There are 1 best solutions below

0
jjanes On
  1. Your use of DBeaver is fundamentally broken. Each time you fetch a new page, it reruns the entire query. Because of your window functions, it does not get to stop early the way some queries can when you only fetch part of the rows. You can probably configure DBeaver not to do this, or you can just use a different tool, or you can work with the EXPLAIN (ANALYZE, BUFFERS) rather than running the query raw (but in that case, you would ignoring the time it takes to send the data over the network and doing whatever the client does with the data once it is sent, but since you ask about window functions and that network/client time is independent of Window functions that is probably OK.) Once you stop using DBeaver in this broken way, do you still have a problem or is the current performance good enough?

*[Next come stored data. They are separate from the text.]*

Lemma hankel_y_ibp (a b : C) : (Re b < Re a)%R ->
  filterlim (fun s => cexp (- a * L1 s) * cexp (b * L2 s))
    (Rbar_locally m_infty) (locally (RtoC 0)) ->
  filterlim (fun s => cexp (- a * L1 s) * cexp (b * L2 s))
    (Rbar_locally p_infty) (locally (RtoC 0)) ->
  a * y a b = b / 2 * (y (a - 1) (b - 1) + y (a + 1) (b - 1)).
Proof.
  intros Hab Hm Hp. unfold hankel_y.
  set (D := fun s => - a * hi a b s + b / 2 * (hi (a - 1) (b - 1) s + hi (a + 1) (b - 1) s)).
  assert (H0 : is_cint D 0).
  { apply (is_cint_derive_vanishing (fun s => cexp (- a * L1 s) * cexp (b * L2 s)) D); auto.
    - intro s. apply is_derive_hankel_primitive.
    - intro s. unfold D.
      apply continuous_Cplus; apply continuous_Cmult; try apply continuous_const;
        try apply continuous_Cplus; apply continuous_hankel_integrand. }
  assert (HD : is_cint D (- a * cint (hi a b)
                          + b / 2 * (cint (hi (a - 1) (b - 1)) + cint (hi (a + 1) (b - 1))))).
  { apply is_cint_plus; [| apply is_cint_scal, is_cint_plus]; try apply is_cint_scal;
      apply cint_correct, Hint; unfold Re in *; simpl in *; lra. }
  assert (E := is_cint_unique _ _ _ HD H0).
  rewrite <- (Cplus_0_r (a * cint (hi a b))), <- E. ring.
Qed.

Lemma hankel_y_delay_difference (a b : C) : (Re b < Re a)%R ->
  filterlim (fun s => cexp (- a * L1 s) * cexp (b * L2 s))
    (Rbar_locally m_infty) (locally (RtoC 0)) ->
  filterlim (fun s => cexp (- a * L1 s) * cexp (b * L2 s))
    (Rbar_locally p_infty) (locally (RtoC 0)) ->
  b * fwd_diff (y a) (b - 1) + a * y a b - b * y (a - 1) (b - 1) = 0 /\
  b * fwd_diff (y a) (b - 1) - a * y a b + b * y (a + 1) (b - 1) = 0.
Proof.
  intros Hab Hm Hp. unfold fwd_diff. replace (b - 1 + 1) with b by ring.
  rewrite (hankel_y_ibp a b Hab Hm Hp), (hankel_y_shift a b Hab). split; field.
Qed.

  2. Your shown column last_value(sales) over(partition by name order by sales_dated_on desc) seems silly. Using the default framing, the last row in each frame is just the same thing as the current row, barring ties in the ordering column. So this is just an expensive way to duplicate the "sales" column. And if there are ties, then which one of them do you want to return? Including this calculation causes an extra sort to be done. Although this is partially saved by it being only an incremental sort not a full sort. If you can't just get rid of this but rather have to fix the framing, then doing that will probably make it even slower yet, but you might just have to live with that.

  3. first_values with default framing is not implemented very efficiently in PostgreSQL. It does not just cache the first value for each partition and copy it out. Instead, it keeps jumping back and forth between adding the current row to the end of the frame, then jumping to the first row of the frame to read the value. This is particularly inefficient when the frame spills to disk. So increase work_mem to as large as you think is safe to partially ameliorate this.

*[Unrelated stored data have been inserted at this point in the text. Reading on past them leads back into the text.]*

(* For non-negative integers $p_1,p_2,r$, integers $k_1,k_2$ and $x_1,x_2\in\mathbb{C}$, $$\sum_{j_1=0}^{p_1}\sum_{j_2=0}^{p_2}\sum_{l=0}^{j_1+j_2}\binom{p_1}{j_1}\binom{p_2}{j_2}B^{(k_1)}_{p_1-j_1}(x_1)B^{(k_2)}_{p_2-j_2}(x_2)S(j_1+j_2,l)(-1)^{l}(l+r)!=r!\,B^{(k_1)}_{p_1}(x_1-r-1)\,B^{(k_2)}_{p_2}(x_2-r-1),$$ and the left-hand side also equals $$\sum_{j_1=0}^{p_1}\sum_{j_2=0}^{p_2}\sum_{l=0}^{j_1+j_2}\binom{p_1}{j_1}\binom{p_2}{j_2}B^{(k_1)}_{p_1-j_1}(x_1-1)B^{(k_2)}_{p_2-j_2}(x_2-1)S(j_1+j_2+1,l+1)(-1)^{l}(l+r)!.$$
   Context: $S(n,l)$ denotes the Stirling numbers of the second kind, $S(n,l)=\frac{1}{l!}\sum_{j=0}^{l}(-1)^j\binom{l}{j}(l-j)^n$ (with $0^0=1$). For an integer $k$, a non-negative integer $n$ and $x\in\mathbb{C}$, the poly-Bernoulli polynomial is $B_{n}^{(k)}(x)=\sum_{l=0}^{n}\frac{1}{(l+1)^{k}}\sum_{j=0}^{l}(-1)^{j}\binom{l}{j}(j+x)^{n}$. *)

From mathcomp Require Import all_boot all_order all_algebra.
From mathcomp Require Import reals.
From mathcomp.real_closed Require Import complex.
Set Implicit Arguments. Unset Strict Implicit. Unset Printing Implicit Defensive.
Import Order.TTheory GRing.Theory Num.Theory.
Local Open Scope ring_scope.

Definition stirling2 {F : fieldType} (n l : nat) : F :=
  (l`!%:R)^-1 * \sum_(0 <= j < l.+1) (-1) ^+ j * 'C(l, j)%:R * ((l - j)%:R) ^+ n.

Definition polyBernoulli {F : fieldType} (k : int) (n : nat) (x : F) : F :=
  \sum_(0 <= l < n.+1) ((l.+1)%:R ^ k)^-1 *
     \sum_(0 <= j < l.+1) (-1) ^+ j * 'C(l, j)%:R * (j%:R + x) ^+ n.

From mathcomp Require Import all_boot all_order all_algebra.
From mathcomp Require Import ring.
From mathcomp Require Import reals.
From mathcomp.real_closed Require Import complex.
Set Implicit Arguments. Unset Strict Implicit. Unset Printing Implicit Defensive.
Import Order.TTheory GRing.Theory Num.Theory.
Local Open Scope ring_scope.

(* Both identities reduce, by the translation (Appell) property of the
   poly-Bernoulli polynomials, to the one-variable sums
     sum_l S(n,l) (-1)^l (l+r)!     = r! (-(r+1))^n,
     sum_l S(n+1,l+1) (-1)^l (l+r)! = r! (-r)^n.
   Writing d_l(x) = sum_j (-1)^j C(l,j) (x+j)^n = (-1)^l (Delta^l t^n)(x), one has
   S(n,l) (-1)^l l! = d_l(0), and sum_l C(l+r,r) (-Delta)^l = (1+Delta)^(-r-1)
   is the shift by -(r+1) on polynomials of degree n, which gives both sums. *)

Section AlternatingDifference.
Variable R : comPzRingType.

Definition diff_pow (l n : nat) (x : R) : R :=
  \sum_(0 <= j < l.+1) (-1) ^+ j * 'C(l, j)%:R * (j%:R + x) ^+ n.

Lemma diff_powS l n x :
  diff_pow l n.+1 x = x * diff_pow l n x - l%:R * diff_pow l.-1 n (x + 1).
Proof.
rewrite /diff_pow big_distrr /=.
case: l => [|l]; first by rewrite !big_nat1 mul0r subr0 !expr0 !mul1r add0r exprS.
rewrite /= big_distrr /=.
have -> : \sum_(0 <= j < l.+2) (-1) ^+ j * 'C(l.+1, j)%:R * (j%:R + x) ^+ n.+1
    = \sum_(0 <= j < l.+2) x * ((-1) ^+ j * 'C(l.+1, j)%:R * (j%:R + x) ^+ n)
    + \sum_(0 <= j < l.+2) (-1) ^+ j * 'C(l.+1, j)%:R * j%:R * (j%:R + x) ^+ n.
  by rewrite -big_split; apply: eq_bigr => j _ /=; rewrite exprS; ring.
congr (_ + _); rewrite [LHS]big_nat_recl //= mulr0 mul0r add0r -sumrN.
apply: eq_bigr => j _.
have binE : l.+1%:R * 'C(l, j)%:R = j.+1%:R * 'C(l.+1, j.+1)%:R :> R.
  by rewrite -!natrM -mul_bin_diag.
have shiftE : j%:R + (x + 1) = j.+1%:R + x :> R by rewrite -natr1; ring.
rewrite shiftE exprS.
transitivity (- ((-1) ^+ j * (l.+1%:R * 'C(l, j)%:R) * (j.+1%:R + x) ^+ n)).
  by rewrite binE; ring.
ring.
Qed.

Lemma diff_pow0 l x : diff_pow l 0 x = (l == 0%N)%:R.
Proof.
rewrite /diff_pow; under eq_bigr do rewrite expr0 mulr1.
case: l => [|l]; first by rewrite big_nat1 expr0 mulr1.
have := exprDn (1 : R) (-1) l.+1; rewrite subrr expr0n /= => /esym <-.
by rewrite big_mkord; apply: eq_bigr => j _; rewrite expr1n mul1r mulr_natr.
Qed.

Lemma diff_pow_eq0 l n x : (n < l)%N -> diff_pow l n x = 0.
Proof.
elim: n l x => [|n IHn] l x ltnl; first by rewrite diff_pow0; case: l ltnl.
case: l ltnl => [|l] // ltnl.
by rewrite diff_powS !IHn ?mulr0 ?subr0 // ltnW.
Qed.

Lemma sum_bin_diff_pow r N n x : (n <= N)%N ->
  \sum_(0 <= l < N.+1) 'C(l + r, r)%:R * diff_pow l n x = (x - r.+1%:R) ^+ n.
Proof.
elim: n r N x => [|n IHn] r N x leNn.
  under eq_bigr do rewrite diff_pow0.
  by rewrite big_nat_recl // binn mulr1 big1 ?addr0 // => l _; rewrite mulr0.
case: N leNn => [|N] // leNn.
under eq_bigr do rewrite diff_powS mulrBr.
rewrite sumrB.
have -> : \sum_(0 <= l < N.+2) 'C(l + r, r)%:R * (x * diff_pow l n x)
    = x * (x - r.+1%:R) ^+ n.
  rewrite -(IHn r N.+1 x (ltnW leNn)) big_distrr.
  by apply: eq_bigr => l _; rewrite /= mulrCA.
rewrite (big_nat_recl N.+1) //= mul0r mulr0 add0r.
have -> : \sum_(0 <= l < N.+1) 'C(l.+1 + r, r)%:R * (l.+1%:R * diff_pow l n (x + 1))
    = r.+1%:R * (x + 1 - r.+2%:R) ^+ n.
  rewrite -(IHn r.+1 N (x + 1) leNn) big_distrr; apply: eq_bigr => l _.
  rewrite /= !mulrA -!natrM mul_bin_left addnS addSn subSn ?leq_addl //.
  by rewrite addnK mulnC.
have -> : x + 1 - r.+2%:R = x - r.+1%:R by rewrite -[r.+2]addn1 natrD; ring.
by rewrite exprS; ring.
Qed.

End AlternatingDifference.

Section PolyBernoulli.
Variable F : fieldType.

Lemma polyBernoulliE k n N (x : F) : (n <= N)%N ->
  polyBernoulli k n x = \sum_(0 <= l < N.+1) ((l.+1)%:R ^ k)^-1 * diff_pow l n x.
Proof.
move=> leNn; rewrite (big_cat_nat _ (n := n.+1)) //= [X in _ = _ + X]big_nat_cond.
rewrite [X in _ = _ + X]big1 ?addr0 // => l /andP[/andP[ltnl _] _].
by rewrite diff_pow_eq0 ?mulr0.
Qed.

Lemma polyBernoulliD k p (x y : F) :
  \sum_(0 <= j < p.+1) 'C(p, j)%:R * polyBernoulli k (p - j) x * y ^+ j
  = polyBernoulli k p (x + y).
Proof.
transitivity (\sum_(0 <= j < p.+1) \sum_(0 <= l < p.+1) \sum_(0 <= i < l.+1)
    ((l.+1)%:R ^ k)^-1 * ((-1) ^+ i * 'C(l, i)%:R)
    * ('C(p, j)%:R * (i%:R + x) ^+ (p - j) * y ^+ j)).
  apply: eq_bigr => j _; rewrite (polyBernoulliE k x (leq_subr j p)).
  rewrite big_distrr big_distrl; apply: eq_bigr => l _ /=.
  rewrite /diff_pow !big_distrr big_distrl; apply: eq_bigr => i _ /=; ring.
rewrite exchange_big_nat; apply: eq_bigr => l _.
rewrite exchange_big_nat big_distrr; apply: eq_bigr => i _.
rewrite -big_distrr /= addrA exprDn big_mkord !mulrA; congr (_ * _).
by apply: eq_bigr => j _; rewrite mulr_natl; ring.
Qed.

Lemma sum_bin_polyBernoulli2 (a : nat -> nat -> F) (c y : F) r :
  (forall n, \sum_(0 <= l < n.+1) a n l * (-1) ^+ l * ((l + r)`!)%:R = c * y ^+ n) ->
  forall k1 k2 p1 p2 x1 x2,
  \sum_(0 <= j1 < p1.+1) \sum_(0 <= j2 < p2.+1) \sum_(0 <= l < (j1 + j2).+1)
    'C(p1, j1)%:R * 'C(p2, j2)%:R
    * polyBernoulli k1 (p1 - j1) x1 * polyBernoulli k2 (p2 - j2) x2
    * a (j1 + j2) l * (-1) ^+ l * ((l + r)`!)%:R
  = c * polyBernoulli k1 p1 (x1 + y) * polyBernoulli k2 p2 (x2 + y).
Proof.
move=> sum_a k1 k2 p1 p2 x1 x2; rewrite -!polyBernoulliD -mulrA big_distrl big_distrr.
apply: eq_bigr => j1 _ /=; rewrite [X in c * X]big_distrr big_distrr.
apply: eq_bigr => j2 _ /=.
transitivity ('C(p1, j1)%:R * 'C(p2, j2)%:R
    * polyBernoulli k1 (p1 - j1) x1 * polyBernoulli k2 (p2 - j2) x2
    * \sum_(0 <= l < (j1 + j2).+1) a (j1 + j2) l * (-1) ^+ l * ((l + r)`!)%:R).
  by rewrite [RHS]big_distrr; apply: eq_bigr => l _; rewrite /= !mulrA.
by rewrite sum_a exprD; ring.
Qed.

End PolyBernoulli.

Section Stirling.
Variable F : numFieldType.

Lemma stirling2E n l : stirling2 n l * (-1) ^+ l * l`!%:R = diff_pow l n (0 : F).
Proof.
have fact_neq0 : l`!%:R != 0 :> F by rewrite pnatr_eq0 -lt0n fact_gt0.
rewrite /stirling2 mulrAC [_^-1 * _ * _]mulrAC mulVf // mul1r big_distrl big_nat_rev.
apply: eq_big_nat => j /andP[_ ltjl]; rewrite add0n subSS subKn // bin_sub // addr0.
have signE : (-1) ^+ l = (-1) ^+ (l - j) * (-1) ^+ j :> F by rewrite -exprD subnK.
have sign2 : (-1) ^+ (l - j) * (-1) ^+ (l - j) = 1 :> F.
  by rewrite -exprMn mulrNN mulr1 expr1n.
transitivity ((-1) ^+ (l - j) * (-1) ^+ (l - j) * ((-1) ^+ j * 'C(l, j)%:R * j%:R ^+ n) :> F).
  by rewrite /= signE; ring.
by rewrite sign2 mul1r.
Qed.

Lemma fact_addn l r : (l + r)`!%:R = 'C(l + r, r)%:R * r`!%:R * l`!%:R :> F.
Proof. by rewrite -(bin_fact (leq_addl l r)) addnK !natrM mulrA. Qed.

Lemma sum_stirling2_fact r n :
  \sum_(0 <= l < n.+1) stirling2 n l * (-1) ^+ l * ((l + r)`!)%:R
  = r`!%:R * (- r.+1%:R) ^+ n :> F.
Proof.
rewrite -[- r.+1%:R]sub0r -(sum_bin_diff_pow r 0 (leqnn n)) big_distrr.
by apply: eq_bigr => l _ /=; rewrite -stirling2E fact_addn; ring.
Qed.

Lemma sum_stirling2S_fact r n :
  \sum_(0 <= l < n.+1) stirling2 n.+1 l.+1 * (-1) ^+ l * ((l + r)`!)%:R
  = r`!%:R * (- r%:R) ^+ n :> F.
Proof.
have -> : - r%:R = 1 - r.+1%:R :> F by rewrite -addn1 natrD; ring.
rewrite -(sum_bin_diff_pow r 1 (leqnn n)) big_distrr; apply: eq_bigr => l _.
have lS_neq0 : l.+1%:R != 0 :> F by rewrite pnatr_eq0.
have stirS : stirling2 n.+1 l.+1 * (-1) ^+ l * l`!%:R = diff_pow l n (1 : F).
  apply: (mulfI lS_neq0); apply: oppr_inj.
  have := stirling2E n.+1 l.+1; rewrite diff_powS mul0r sub0r add0r factS natrM.
  by move=> <-; rewrite exprS /=; ring.
by rewrite /= fact_addn -stirS; ring.
Qed.

End Stirling.

Theorem mainTheorem12 (R : realType) (p1 p2 r : nat) (k1 k2 : int) (x1 x2 : R[i]) :
  let LHS :=
    \sum_(0 <= j1 < p1.+1) \sum_(0 <= j2 < p2.+1) \sum_(0 <= l < (j1 + j2).+1)
      'C(p1, j1)%:R * 'C(p2, j2)%:R
      * polyBernoulli k1 (p1 - j1) x1 * polyBernoulli k2 (p2 - j2) x2
      * stirling2 (j1 + j2) l * (-1) ^+ l * ((l + r)`!)%:R in
  LHS = (r`!)%:R * polyBernoulli k1 p1 (x1 - r%:R - 1)
                 * polyBernoulli k2 p2 (x2 - r%:R - 1)
  /\
  LHS =
    \sum_(0 <= j1 < p1.+1) \sum_(0 <= j2 < p2.+1) \sum_(0 <= l < (j1 + j2).+1)
      'C(p1, j1)%:R * 'C(p2, j2)%:R
      * polyBernoulli k1 (p1 - j1) (x1 - 1) * polyBernoulli k2 (p2 - j2) (x2 - 1)
      * stirling2 (j1 + j2).+1 l.+1 * (-1) ^+ l * ((l + r)`!)%:R.
Proof.
move=> LHS.
have shiftSE (x : R[i]) : x + - r.+1%:R = x - r%:R - 1 by rewrite -addn1 natrD; ring.
have shiftE (x : R[i]) : x - 1 + - r%:R = x - r%:R - 1 by ring.
have LHSE : LHS = r`!%:R * polyBernoulli k1 p1 (x1 - r%:R - 1)
                          * polyBernoulli k2 p2 (x2 - r%:R - 1).
  by rewrite /LHS (sum_bin_polyBernoulli2 (sum_stirling2_fact _ r)) !shiftSE.
split=> //.
by rewrite LHSE (sum_bin_polyBernoulli2 (sum_stirling2S_fact _ r)) !shiftE.
Qed.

  4. If you can do an index-only scan to get the data already in order, that could avoid the sort. An index to support this on your current query might be (name, sales_dated_on, sales). But since sorting is only about 1/4 of your run time anyway, there is a limit to how much improvement this can get you.

  5. Why are you doing this at all? How many times do you really want to be fetching 32M records, and what are you going to do with them?